**Exercise instructions**
Only an exact repetition of every entry counts as the answer.

**Records supplied**
Lemma subharmonic_mulrn_le n y : X y -> h y *+ n <= a * W y.
Proof.
have mhE : measurable_fun setT (fun y => (h y)%:E) by exact/measurable_EFinP.
have mWE : measurable_fun setT (fun y => (W y)%:E) by exact/measurable_EFinP.
have hE0 y' : X y' -> (0 <= (h y')%:E)%E by rewrite lee_fin.
have WE0 y' : X y' -> (0 <= (W y')%:E)%E by move=> Xy; rewrite lee_fin W_ge0.
have aE0 : (0 <= a%:E)%E by rewrite lee_fin.
elim: n y => [|n IH] y Xy; first by rewrite mulr0n mulr_ge0 ?W_ge0.
have nE0 : (0 <= n%:R%:E :> \bar R)%E by rewrite lee_fin.
have nKh_le : (n%:R%:E * K (fun y => (h y)%:E) y <= (a * (W y - U y))%:E)%E.
  rewrite -(KopZl mhE hE0 nE0 Xy) EFinM.
  apply: le_trans (lee_wpmul2l aE0 (KW_le Xy)).
  rewrite -(KopZl mWE WE0 aE0 Xy); apply: ge0_le_Kop => //.
  - by apply: emeasurable_funM => //; exact: measurable_cst.
  - by apply: emeasurable_funM => //; exact: measurable_cst.
  - by move=> z Xz; rewrite -!EFinM !lee_fin mulr_ge0 // mulr_natl IH.
rewrite mulrSr -lee_fin EFinD.
apply: (@le_trans _ _ (n%:R%:E * K (fun y => (h y)%:E) y + (h y)%:E)%E).
  apply: leeD2r; rewrite -[h y *+ n]mulr_natl EFinM.
  by apply: lee_wpmul2l => //; exact: h_le_Kh.
apply: le_trans (leeD nKh_le (_ : (h y)%:E <= (a * U y)%:E)%E) _.
  by rewrite lee_fin h_le_aU.
by rewrite -EFinD lee_fin -mulrDr subrK.
Qed.

Lemma subharmonic_eq0 x : X x -> h x = 0.
Proof.
move=> Xx; apply/le_anti; rewrite h_ge0 andbT leNgt; apply/negP => hx_gt0.
have := subharmonic_mulrn_le (Num.trunc (a * W x / h x)).+1 Xx.
rewrite -mulr_natl -ler_pdivlMr // => /(lt_le_trans (truncnS_gt _)).
by rewrite ltxx.
Qed.
End subharmonic.

Lemma bounded_solution_le (c M : R) (V1 V2 : T -> R) :
  0 < c -> (forall x, X x -> c <= U x) ->
  measurable_fun setT V1 -> measurable_fun setT V2 ->
  (forall x, X x -> 0 <= V1 x) -> (forall x, X x -> V1 x <= M) ->
  (forall x, X x -> 0 <= V2 x) ->
  (forall x, X x -> K (fun y => (V1 y)%:E) x = (V1 x - U x)%:E) ->
  (forall x, X x -> K (fun y => (V2 y)%:E) x = (V2 x - U x)%:E) ->
  forall x, X x -> V1 x <= V2 x.
Proof.
move=> c_gt0 c_le_U mV1 mV2 V1_ge0 V1_le V2_ge0 KV1 KV2 x Xx.
pose h y := Num.max (V1 y - V2 y) 0.
have mh : measurable_fun setT h.
  by apply: measurable_maxr; [exact: measurable_funB|exact: measurable_cst].
have h_ge0 y : 0 <= h y by rewrite le_max lexx orbT.
have a_ge0 : 0 <= Num.max M 0 / c by rewrite divr_ge0 ?le_max ?lexx ?orbT ?ltW.
have h_le_aU y : X y -> h y <= Num.max M 0 / c * U y.
  move=> Xy; have V1y_le := V1_le y Xy; have V2y_ge0 := V2_ge0 y Xy.
  apply: (@le_trans _ _ (Num.max M 0)).
    by rewrite ge_max !le_max lexx !orbT andbT; apply/orP; left; lra.
  by rewrite mulrAC ler_pdivlMr // ler_wpM2l ?c_le_U // le_max lexx orbT.
have h_le_Kh := diff_solutions_subharmonic mV1 mV2 V1_ge0 V2_ge0 KV1 KV2.
rewrite -subr_le0 -[leRHS](subharmonic_eq0 mh h_ge0 a_ge0 h_le_aU h_le_Kh Xx).
by rewrite le_max lexx.
Qed.
End comparison.
End transfer_operator.

Section iid_sequence.
Context (R : realType) (dO dT : measure_display) (Omega : measurableType dO)
  (Theta : measurableType dT) (P : probability Omega R) (mu : probability Theta R)
  (theta : nat -> Omega -> Theta).
Hypothesis theta_iid : iid_seq P mu theta.

Let theta_meas n : measurable_fun setT (theta n).
Proof. by case: theta_iid. Qed.

Let theta_law n A : measurable A -> P (theta n @^-1` A) = mu A.
Proof. by case: theta_iid => _ law _; exact: law. Qed.

Let measurable_theta_preimage n A : measurable A -> measurable (theta n @^-1` A).
Proof. by move=> mA; rewrite -[X in measurable X]setTI; exact: theta_meas. Qed.

Definition cylinder n (A : nat -> set Theta) : set Omega :=
  \bigcap_(i in `I_n) theta i @^-1` A i.

Definition cylinders n : set (set Omega) :=
  [set cylinder n A | A in [set A | forall i, measurable (A i)]].

Definition past n : set (set Omega) := <<s cylinders n >>.

Local Notation pastT n := (g_sigma_algebraType (cylinders n)).

Variables (d' : measure_display) (T' : measurableType d').

Lemma cylinder0 A : cylinder 0 A = setT.
Proof. by apply/seteqP; split => // w _ i. Qed.

Lemma cylinderS n A : cylinder n.+1 A = cylinder n A `&` theta n @^-1` A n.
Proof.
apply/seteqP; split => w.
  by move=> Aw; split => [i i_lt|]; apply: Aw; rewrite /= ltnS // ltnW.
move=> [Aw Anw] i /=; rewrite ltnS leq_eqVlt => /orP[/eqP -> //|i_lt].
exact: Aw.
Qed.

**Response below**
Lemma subharmonic_mulrn_le n y : X y -> h y *+ n <= a * W y.
Proof.
have mhE : measurable_fun setT (fun y => (h y)%:E) by exact/measurable_EFinP.
have mWE : measurable_fun setT (fun y => (W y)%:E) by exact/measurable_EFinP.
have hE0 y' : X y' -> (0 <= (h y')%:E)%E by rewrite lee_fin.
have WE0 y' : X y' -> (0 <= (W y')%:E)%E by move=> Xy; rewrite lee_fin W_ge0.
have aE0 : (0 <= a%:E)%E by rewrite lee_fin.
elim: n y => [|n IH] y Xy; first by rewrite mulr0n mulr_ge0 ?W_ge0.
have nE0 : (0 <= n%:R%:E :> \bar R)%E by rewrite lee_fin.
have nKh_le : (n%:R%:E * K (fun y => (h y)%:E) y <= (a * (W y - U y))%:E)%E.
  rewrite -(KopZl mhE hE0 nE0 Xy) EFinM.
  apply: le_trans (lee_wpmul2l aE0 (KW_le Xy)).
  rewrite -(KopZl mWE WE0 aE0 Xy); apply: ge0_le_Kop => //.
  - by apply: emeasurable_funM => //; exact: measurable_cst.
  - by apply: emeasurable_funM => //; exact: measurable_cst.
  - by move=> z Xz; rewrite -!EFinM !lee_fin mulr_ge0 // mulr_natl IH.
rewrite mulrSr -lee_fin EFinD.
apply: (@le_trans _ _ (n%:R%:E * K (fun y => (h y)%:E) y + (h y)%:E)%E).
  apply: leeD2r; rewrite -[h y *+ n]mulr_natl EFinM.
  by apply: lee_wpmul2l => //; exact: h_le_Kh.
apply: le_trans (leeD nKh_le (_ : (h y)%:E <= (a * U y)%:E)%E) _.
  by rewrite lee_fin h_le_aU.
by rewrite -EFinD lee_fin -mulrDr subrK.
Qed.

Lemma subharmonic_eq0 x : X x -> h x = 0.
Proof.
move=> Xx; apply/le_anti; rewrite h_ge0 andbT leNgt; apply/negP => hx_gt0.
have := subharmonic_mulrn_le (Num.trunc (a * W x / h x)).+1 Xx.
rewrite -mulr_natl -ler_pdivlMr // => /(lt_le_trans (truncnS_gt _)).
by rewrite ltxx.
Qed.
End subharmonic.

Lemma bounded_solution_le (c M : R) (V1 V2 : T -> R) :
  0 < c -> (forall x, X x -> c <= U x) ->
  measurable_fun setT V1 -> measurable_fun setT V2 ->
  (forall x, X x -> 0 <= V1 x) -> (forall x, X x -> V1 x <= M) ->
  (forall x, X x -> 0 <= V2 x) ->
  (forall x, X x -> K (fun y => (V1 y)%:E) x = (V1 x - U x)%:E) ->
  (forall x, X x -> K (fun y => (V2 y)%:E) x = (V2 x - U x)%:E) ->
  forall x, X x -> V1 x <= V2 x.
Proof.
move=> c_gt0 c_le_U mV1 mV2 V1_ge0 V1_le V2_ge0 KV1 KV2 x Xx.
pose h y := Num.max (V1 y - V2 y) 0.
have mh : measurable_fun setT h.
  by apply: measurable_maxr; [exact: measurable_funB|exact: measurable_cst].
have h_ge0 y : 0 <= h y by rewrite le_max lexx orbT.
have a_ge0 : 0 <= Num.max M 0 / c by rewrite divr_ge0 ?le_max ?lexx ?orbT ?ltW.
have h_le_aU y : X y -> h y <= Num.max M 0 / c * U y.
  move=> Xy; have V1y_le := V1_le y Xy; have V2y_ge0 := V2_ge0 y Xy.
  apply: (@le_trans _ _ (Num.max M 0)).
    by rewrite ge_max !le_max lexx !orbT andbT; apply/orP; left; lra.
  by rewrite mulrAC ler_pdivlMr // ler_wpM2l ?c_le_U // le_max lexx orbT.
have h_le_Kh := diff_solutions_subharmonic mV1 mV2 V1_ge0 V2_ge0 KV1 KV2.
rewrite -subr_le0 -[leRHS](subharmonic_eq0 mh h_ge0 a_ge0 h_le_aU h_le_Kh Xx).
by rewrite le_max lexx.
Qed.
End comparison.
End transfer_operator.

Section iid_sequence.
Context (R : realType) (dO dT : measure_display) (Omega : measurableType dO)
  (Theta : measurableType dT) (P : probability Omega R) (mu : probability Theta R)
  (theta : nat -> Omega -> Theta).
Hypothesis theta_iid : iid_seq P mu theta.

Let theta_meas n : measurable_fun setT (theta n).
Proof. by case: theta_iid. Qed.

Let theta_law n A : measurable A -> P (theta n @^-1` A) = mu A.
Proof. by case: theta_iid => _ law _; exact: law. Qed.

Let measurable_theta_preimage n A : measurable A -> measurable (theta n @^-1` A).
Proof. by move=> mA; rewrite -[X in measurable X]setTI; exact: theta_meas. Qed.

Definition cylinder n (A : nat -> set Theta) : set Omega :=
  \bigcap_(i in `I_n) theta i @^-1` A i.

Definition cylinders n : set (set Omega) :=
  [set cylinder n A | A in [set A | forall i, measurable (A i)]].

Definition past n : set (set Omega) := <<s cylinders n >>.

Local Notation pastT n := (g_sigma_algebraType (cylinders n)).

Variables (d' : measure_display) (T' : measurableType d').

Lemma cylinder0 A : cylinder 0 A = setT.
Proof. by apply/seteqP; split => // w _ i. Qed.

Lemma cylinderS n A : cylinder n.+1 A = cylinder n A `&` theta n @^-1` A n.
Proof.
apply/seteqP; split => w.
  by move=> Aw; split => [i i_lt|]; apply: Aw; rewrite /= ltnS // ltnW.
move=> [Aw Anw] i /=; rewrite ltnS leq_eqVlt => /orP[/eqP -> //|i_lt].
exact: Aw.
Qed.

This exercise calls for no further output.